In der letzten Szene zeigen sie einen Jungen, wie er am Strand Möwen und Schwäne füttert. Und nach all den düsteren Szenen wirkt dieses Bild poetisch und zugleich auch sehr hoffnungsvoll. Warum haben sie sich am Ende für diese Szene entschieden?

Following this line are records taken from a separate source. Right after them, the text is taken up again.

Lemma regular_fmgraph (V : finType) (A : V -> V -> ninf) u (d : V -> nat) :
  (forall y, A u y = Some (d y)) -> (exists y, 0 < d y) -> regular (G := fmgraph A) u.
Proof.
move=> Au [y dy]; have lt0 : ninf_lt 0 (A u y) by rewrite Au.
case=> [sink|inf]; first exact: (sink (fm_edge lt0)).
apply: inf; exists (pmap insub [seq (u, y, k) | y <- enum V, k <- iota 0 (d y)]).
move=> [[[x y'] k] lt_k] /= xu; subst x; apply: mem_In; rewrite mem_pmap_sub /=.
apply: (@allpairs_f_dep _ (fun _ => nat) _ (fun y k => (u, y, k))); first by rewrite mem_enum.
by move: lt_k; rewrite /= Au mem_iota.
Qed.

Section ReduceVertex.
Variables (V : finType) (A : V -> V -> ninf) (u s t : V).
Hypothesis t_neq_u : t != u.
Hypothesis s_neq_u : s != u.
Hypothesis Au : forall y, A u y = Some (y == t : nat).
Hypothesis in_from_s : forall x, x != s -> A x u = Some 0.
Let G := fmgraph A.

Definition reduce_mx (a b : @Vdel G u) : ninf :=
  addinf (A (sval a) (sval b)) (if sval b == t then A (sval a) u else Some 0).

Let lt0_ut : ninf_lt 0 (A u t). Proof. by rewrite Au eqxx. Qed.
Let f := fm_edge lt0_ut.
Let gr_f : gr f != u := t_neq_u.

Lemma out_edge_reduce (e : gE G) : gs e = u -> e = f.
Proof.
move: e => [[[x y] k] lt_k] /= xu; subst x; apply: val_inj => /=.
by move: lt_k; rewrite /= Au; case: eqP => // -> /=; case: k.
Qed.

Lemma in_edge_reduce (e : gE G) : gr e = u -> gs e = s.
Proof.
move: e => [[[x y] k] lt_k] /= yu; subst y; apply/eqP; apply: contraT => xs.
by move: lt_k; rewrite /= in_from_s.
Qed.

Lemma moveR_reduce : moveR G (@graphR G u s f s_neq_u gr_f).
Proof.
exists u, s, f, s_neq_u, gr_f; split.
  move=> [sink | inf]; first exact: (sink f).
  by apply: inf; exists [:: f] => e /out_edge_reduce->; left.
by split=> //; split; [exact: out_edge_reduce | split=> //; exact: in_edge_reduce].
Qed.

Lemma has_card_fiber_reduce a b :
  has_card (fiber (@graphR G u s f s_neq_u gr_f) a b) (reduce_mx a b).
Proof.
have -> : reduce_mx a b = addinf (A (sval a) (sval b))
    (if (s == sval a) && (gr f == sval b) then A s u else Some 0).
  rewrite /reduce_mx [gr f == _]eq_sym; case: (sval b =P t) => _; rewrite ?andbT ?andbF //.
  by case: (s =P sval a) => [<- | /eqP as_] //; rewrite in_from_s // eq_sym.
apply: has_card_equipotent (fiber_graphR a b) _.
apply: has_card_sum; first exact: has_card_fiber_fmgraph.
apply: has_card_in_edges; first exact: in_edge_reduce.
exact: has_card_fiber_fmgraph.
Qed.

Lemma move_equiv_reduce (W : finType) (h : @Vdel G u -> W) (A' : W -> W -> ninf) :
  bijective h -> (forall a b, A' (h a) (h b) = reduce_mx a b) -> move_equiv G (fmgraph A').
Proof.
move=> h_bij A'E; apply: move_equiv_moveR moveR_reduce _.
by apply: (@graph_iso_fmgraph (@graphR G u s f s_neq_u gr_f) W A' h h_bij) => a b;
  rewrite A'E; exact: has_card_fiber_reduce.
Qed.
End ReduceVertex.
Arguments reduce_mx {V} A u t a b.

(* After splitting [v] and removing the copy [inr part0], the other copy takes the place
   of [v]. *)
Section MergeCopy.
Variables (V : finType) (A : V -> V -> ninf) (v : V).
Let VS := @Vsplit (fmgraph A) v 2.

Definition merge_copy (x : {w : VS | w != inr part0}) : V :=
  match sval x with inl w => sval w | inr _ => v end.

Lemma merge_copyP (x : {w : VS | w != inr part0}) :
  (exists w : @Vdel (fmgraph A) v, sval x = inl w /\ merge_copy x = sval w) \/
  (sval x = inr part1 /\ merge_copy x = v).
Proof.
rewrite /merge_copy; case: x => [[w|i] i_ok] /=; first by left; exists w.
by right; case: (I2P i) i_ok => -> //; rewrite eqxx.
Qed.

Lemma merge_copy_bij : bijective merge_copy.
Proof.
apply: inj_surj_bijective => [x y|y].
  case: (merge_copyP x) => [[w [xE ->]] | [xE ->]];
    case: (merge_copyP y) => [[w' [yE ->]] | [yE ->]].
  - move=> ww'; apply: val_inj; change (sval x = sval y).
    by rewrite xE yE; congr inl; apply: val_inj.
  - by move=> wv; have := svalP w; rewrite wv eqxx.
  - by move=> vw; have := svalP w'; rewrite -vw eqxx.
  - by move=> _; apply: val_inj; change (sval x = sval y); rewrite xE yE.
have inr1_ok : inr part1 != inr part0 :> VS by [].
case: (y =P v) => [-> | /eqP yv]; first by exists (exist (fun w : VS => w != inr part0) _ inr1_ok).
have inl_ok : inl (exist _ y yv) != inr part0 :> VS by [].
by exists (exist (fun w : VS => w != inr part0) _ inl_ok).
Qed.
End MergeCopy.

Lemma addinf0r x : addinf x (Some 0) = x. Proof. by case: x => [x|] //=; rewrite addn0. Qed.
Lemma addinf0l x : addinf (Some 0) x = x. Proof. by case: x. Qed.

Ltac eq_cases :=
  repeat first
    [ match goal with H : is_true (?a != ?a) |- _ => exact: False_ind _ (elimN eqP H erefl) end
    | progress rewrite ?eqxx ?andbT ?andbF ?addinf0r ?addinf0l /=
    | match goal with |- context [?a == ?b] => case: (a =P b) => [?|?]; subst end ];
  try done.

Ltac merge_copy_cases a b :=
  case: (merge_copyP a) => [[[xa xa_ok] [-> ->]] | [-> ->]];
  case: (merge_copyP b) => [[[xb xb_ok] [-> ->]] | [-> ->]]; rewrite /= ?eq_sumE /=.

Definition redirect_mx (V : finType) (A : V -> V -> ninf) (u t s : V) (x y : V) : ninf :=
  if (x == s) && (y == u) then Some 0
  else if (x == s) && (y == t) then addinf (A s t) (A s u) else A x y.

(* In-split [u] so that one copy receives exactly the edges from [s1], and remove that
   copy: its in-edges are redirected to [t]. *)
Lemma move_equiv_redirect (V : finType) (A : V -> V -> ninf) (u t s1 s2 : V) :
  t != u -> (forall y, A u y = Some (y == t : nat)) -> s1 != s2 ->
  A s1 u != Some 0 -> A s2 u != Some 0 -> move_equiv (fmgraph A) (fmgraph (redirect_mx A u t s1)).
Proof.
move=> t_neq_u Au s12 As1u As2u.
have Auu : A u u = Some 0 by rewrite Au eq_sym (negbTE t_neq_u).
have s1_neq_u : s1 != u by apply: contraNneq As1u => ->; rewrite Auu.
have u_regular : regular (G := fmgraph A) u.
  by apply: (regular_fmgraph (d := fun y => (y == t : nat))) => //; exists t; rewrite eqxx.
have other_in : exists e : gE (fmgraph A),
    gr e = u /\ split_source_part s1 true e = part1.
  exists (fm_edge (fm_edge0 (elimN eqP As2u))).
  by rewrite /split_source_part /= eq_sym (negbTE s12).
apply: move_equiv_trans (move_equiv_split_source s1_neq_u (elimN eqP As1u) u_regular other_in) _.
set A1 := in_split_mx A u s1 true.
pose s1' : @Vsplit (fmgraph A) u 2 := inl (exist _ s1 s1_neq_u).
pose t' : @Vsplit (fmgraph A) u 2 := inl (exist _ t t_neq_u).
have A1_out y : A1 (inr part0) y = Some (y == t' : nat).
  by case: y => [b|j] /=; [rewrite Au | case: ifP; rewrite // Auu].
have A1_in x : x != s1' -> A1 x (inr part0) = Some 0.
  case: x => [a|i] //= a_s1; rewrite /A1 /in_split_mx /=.
  by case: eqP => // a_s1'; case/negP: a_s1; apply/eqP; congr inl; apply: val_inj.
apply: (move_equiv_reduce (t := t') _ _ A1_out A1_in (merge_copy_bij A u)) => // a b.
rewrite /reduce_mx /A1 /in_split_mx /redirect_mx; merge_copy_cases a b; rewrite ?Au; eq_cases.
Qed.

Section RemoveVertex.
Variables (V : finType) (u t : V) (W : finType).
Hypothesis t_neq_u : t != u.

Lemma move_equiv_remove_single_source (A : V -> V -> ninf) (h : @Vdel (fmgraph A) u -> W)
    (A' : W -> W -> ninf) :
  (forall y, A u y = Some (y == t : nat)) ->
  (forall x y, A x u != Some 0 -> A y u != Some 0 -> x = y) ->
  bijective h -> (forall a b, A' (h a) (h b) = reduce_mx A u t a b) ->
  move_equiv (fmgraph A) (fmgraph A').
Proof.
move=> Au single h_bij A'E.
have Auu : A u u = Some 0 by rewrite Au eq_sym (negbTE t_neq_u).
case: (pickP (fun x => A x u != Some 0)) => [s Asu | no_source].
  have s_neq_u : s != u by apply: contraNneq Asu => ->; rewrite Auu.
  apply: (move_equiv_reduce t_neq_u s_neq_u Au _ h_bij A'E) => x xs.
  by apply/eqP; apply: contraNT xs => Axu; apply/eqP; apply: single.
apply: (move_equiv_reduce t_neq_u t_neq_u Au _ h_bij A'E) => x _.
by apply/eqP; move/negbFE: (no_source x).
Qed.

Lemma move_equiv_remove_vertex (A : V -> V -> ninf) (h : @Vdel (fmgraph A) u -> W)
    (A' : W -> W -> ninf) :
  (forall y, A u y = Some (y == t : nat)) ->
  bijective h -> (forall a b, A' (h a) (h b) = reduce_mx A u t a b) ->
  move_equiv (fmgraph A) (fmgraph A').
Proof.
move: {2}#|[set x | A x u != Some 0]| (leqnn #|[set x | A x u != Some 0]|) => n.
elim: n A h => [|n IHn] A h sources_le Au h_bij A'E;
  case: (boolP [exists x, exists y, [&& x != y, A x u != Some 0 & A y u != Some 0]]);
  try (move=> no_two; apply: move_equiv_remove_single_source Au _ h_bij A'E => x y Axu Ayu;
       apply/eqP; apply: contraNT no_two => xy; apply/existsP; exists x; apply/existsP; exists y;
       by rewrite xy Axu Ayu).
- move/existsP=> [x /existsP [y /and3P [_ Axu _]]].
  by move: sources_le; rewrite leqn0 cards_eq0 => /eqP/setP/(_ x); rewrite !inE Axu.
move/existsP=> [s1 /existsP [s2 /and3P [s12 As1u As2u]]].
have s1_neq_u : s1 != u by apply: contraNneq As1u => ->; rewrite Au [u == t]eq_sym (negbTE t_neq_u).
apply: move_equiv_trans (move_equiv_redirect t_neq_u Au s12 As1u As2u) _.
apply: (IHn (redirect_mx A u t s1) h) => //.
- have -> : [set x | redirect_mx A u t s1 x u != Some 0] = [set x | A x u != Some 0] :\ s1.
    by apply/setP => x; rewrite !inE /redirect_mx eqxx andbT; case: (x =P s1) => [->|].
  by move: sources_le; rewrite (cardsD1 s1) inE As1u.
- by move=> y; rewrite /redirect_mx eq_sym (negbTE s1_neq_u) /= Au.
- move=> a b; rewrite A'E /reduce_mx /redirect_mx.
  by move: (svalP a) (svalP b); move: (sval a) (sval b) => x y x_ok y_ok; eq_cases.
Qed.
End RemoveVertex.

Definition move_edge_mx (V : finType) (A : V -> V -> ninf) (w s t : V) (x y : V) : ninf :=
  if (x == w) && (y == t) then ninf_pred (A w t)
  else if (x == s) && (y == t) then addinf (A s t) (Some 1) else A x y.

(* Split off one edge [w -> t] from a vertex [w] entered only by a single edge from [s],
   and reduce it: the edge [s -> w -> t] becomes an edge [s -> t]. *)
Lemma move_equiv_move_edge (V : finType) (A : V -> V -> ninf) (w s t : V) (d : V -> nat) :
  s != w -> (forall x, A x w = Some (x == s : nat)) -> (forall y, A w y = Some (d y)) ->
  0 < d t -> (exists e : gE (fmgraph A), gs e = w /\ split_edge_part t e = part1) ->
  move_equiv (fmgraph A) (fmgraph (move_edge_mx A w s t)).
Proof.
move=> s_neq_w A_w Aw dt other_out.
have Aww : A w w = Some 0 by rewrite A_w eq_sym (negbTE s_neq_w).
have t_neq_w : t != w by apply: contraTneq dt => ->; move: (Aw w); rewrite Aww => -[<-].
have Awt : A w t <> Some 0 by rewrite Aw => -[dt0]; rewrite dt0 in dt.
apply: move_equiv_trans (move_equiv_split_edge t_neq_w Awt other_out) _.
set A1 := out_split_mx A w t.
pose s' : @Vsplit (fmgraph A) w 2 := inl (exist _ s s_neq_w).
pose t' : @Vsplit (fmgraph A) w 2 := inl (exist _ t t_neq_w).
have A1_out y : A1 (inr part0) y = Some (y == t' : nat) by case: y.
have A1_in x : x != s' -> A1 x (inr part0) = Some 0.
  case: x => [a|i] a_s; rewrite /A1 /out_split_mx /=; last by rewrite Aww; case: ifP.
  by rewrite A_w; case: eqP => // a_s'; case/negP: a_s; apply/eqP; congr inl; apply: val_inj.
apply: (move_equiv_reduce (t := t') _ _ A1_out A1_in (merge_copy_bij A w)) => // a b.
rewrite /reduce_mx /A1 /out_split_mx /move_edge_mx.
by merge_copy_cases a b; rewrite ?A_w ?Aww; eq_cases.
Qed.

Lemma sum_nat_gt0P (I : finType) (P : pred I) (F : I -> nat) :
  0 < \sum_(i | P i) F i -> exists2 i, P i & 0 < F i.
Proof.
rewrite lt0n sum_nat_eq0 => /forallPn [i]; rewrite negb_imply -lt0n => /andP [Pi Fi].
by exists i.
Qed.

(* Removing a vertex [w] entered by a single edge, from [s]: row [w] is added to row [s]. *)
Definition collapse_mx (V : finType) (A : V -> V -> ninf) (w s : V) (a b : @Vdel (fmgraph A) w) :
    ninf :=
  addinf (A (sval a) (sval b)) (if sval a == s then A w (sval b) else Some 0).
Arguments collapse_mx {V} A w s a b.

Section CollapseVertex.
Variables (V : finType) (W : finType).

Lemma move_equiv_collapse_single_out (A : V -> V -> ninf) (w s t : V)
    (h : @Vdel (fmgraph A) w -> W) (A' : W -> W -> ninf) :
  s != w -> t != w -> (forall x, A x w = Some (x == s : nat)) ->
  (forall y, A w y = Some (y == t : nat)) ->
  bijective h -> (forall a b, A' (h a) (h b) = collapse_mx A w s a b) ->
  move_equiv (fmgraph A) (fmgraph A').
Proof.
move=> s_neq_w t_neq_w A_w Aw h_bij A'E.
have A_w0 x : x != s -> A x w = Some 0 by move=> xs; rewrite A_w (negbTE xs).
apply: (move_equiv_reduce t_neq_w s_neq_w Aw A_w0 h_bij) => a b.
rewrite A'E /collapse_mx /reduce_mx.
by move: (svalP a) (svalP b); move: (sval a) (sval b) => x y x_ok y_ok; rewrite ?Aw ?A_w; eq_cases.
Qed.

Lemma exists_other_out_edge (A : V -> V -> ninf) (w t : V) (d : V -> nat) :
  (forall y, A w y = Some (d y)) -> 1 < \sum_y d y ->
  exists e : gE (fmgraph A), gs e = w /\ split_edge_part t e = part1.
Proof.
move=> Aw sum_gt1; case: (leqP 2 (d t)) => [dt | dt].
  have lt1 : ninf_lt 1 (A w t) by rewrite Aw.
  by exists (fm_edge lt1); rewrite /split_edge_part /edge_label /= andbF.
have [t' t't dt'] : exists2 t', t' != t & 0 < d t'.
  by apply: sum_nat_gt0P; move: sum_gt1; rewrite (bigD1 t) //=; lia.
have lt0 : ninf_lt 0 (A w t') by rewrite Aw.
by exists (fm_edge lt0); rewrite /split_edge_part /= (negbTE t't).
Qed.

Lemma move_equiv_collapse (A : V -> V -> ninf) (w s : V) (d : V -> nat)
    (h : @Vdel (fmgraph A) w -> W) (A' : W -> W -> ninf) :
  s != w -> (forall x, A x w = Some (x == s : nat)) -> (forall y, A w y = Some (d y)) ->
  0 < \sum_y d y -> bijective h -> (forall a b, A' (h a) (h b) = collapse_mx A w s a b) ->
  move_equiv (fmgraph A) (fmgraph A').
Proof.
move=> s_neq_w; move: {2}(\sum_y d y) (leqnn (\sum_y d y)) => n.
elim: n A d h => [|n IHn] A d h sum_le A_w Aw sum_gt0 h_bij A'E; first lia.
have Aww : A w w = Some 0 by rewrite A_w eq_sym (negbTE s_neq_w).
have [t _ dt] := sum_nat_gt0P sum_gt0.
have t_neq_w : t != w by apply: contraTneq dt => ->; move: (Aw w); rewrite Aww => -[<-].
have sum_dE : \sum_y d y = d t + \sum_(y | y != t) d y by rewrite (bigD1 t).
case: (leqP (\sum_y d y) 1) => [sum_le1 | sum_gt1].
  apply: (move_equiv_collapse_single_out s_neq_w t_neq_w A_w _ h_bij A'E) => y.
  rewrite Aw; case: (y =P t) => [-> | /eqP yt]; first by congr Some; lia.
  by move: sum_le1; rewrite sum_dE (bigD1 y) //=; case: (d y) => //; lia.
apply: move_equiv_trans
  (move_equiv_move_edge s_neq_w A_w Aw dt (exists_other_out_edge t Aw sum_gt1)) _.
pose d' y := if y == t then (d t).-1 else d y.
have sum_d'E : \sum_y d' y = (d t).-1 + \sum_(y | y != t) d y.
  by rewrite (bigD1 t) //= /d' eqxx; congr addn; apply: eq_bigr => y /negbTE->.
apply: (IHn (move_edge_mx A w s t) d' h) => //.
- by rewrite sum_d'E; lia.
- by move=> x; rewrite /move_edge_mx [w == t]eq_sym (negbTE t_neq_w) !andbF A_w.
- move=> y; rewrite /move_edge_mx /d' eqxx /= [w == s]eq_sym (negbTE s_neq_w) /=.
  by case: (y =P t) => _; rewrite Aw.
- by rewrite sum_d'E; lia.
- move=> a b; rewrite A'E /collapse_mx /move_edge_mx.
  move: (svalP a) (svalP b); move: (sval a) (sval b) => x y x_ok y_ok; rewrite ?Aw; eq_cases.
  by case: (A s t) => //= ?; congr Some; lia.
Qed.
End CollapseVertex.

Dafür gibt es viele Gründe, die aber alle schwer in Worte zu fassen sind. Dieser Junge, Igor, war für mich wirklich etwas Spezielles, weil er verzeihen konnte. Er hat es geschafft, den Zorn zu vergessen. Das war für mich einzigartig, wenn man bedenkt, auf wie viel Ablehnung diese Kinder stoßen, von wie viel Hass sie umgeben sind. Und auch für mich selbst habe ich nach diesem Projekt irgendeinen Funken Hoffnung gebraucht. Nicht nur im Film, sondern auch im Leben - nach der Arbeit an "Sickfuckpeople". Und diese Szene hat dann auch etwas sehr Chaotisches an sich, mit den kreischenden Vögeln, dem Durcheinander des Vogelschwarms. Da schwebt irgendwo die Frage im Raum: was nun? Was soll ich tun? Diese Frage stellt sich der Junge im Bild und auch ich habe mir diese Frage damals gestellt: Ich konnte nicht einfach zurück und einen Werbeclip oder ein Musikvideo drehen. Ich musste etwas anderes finden.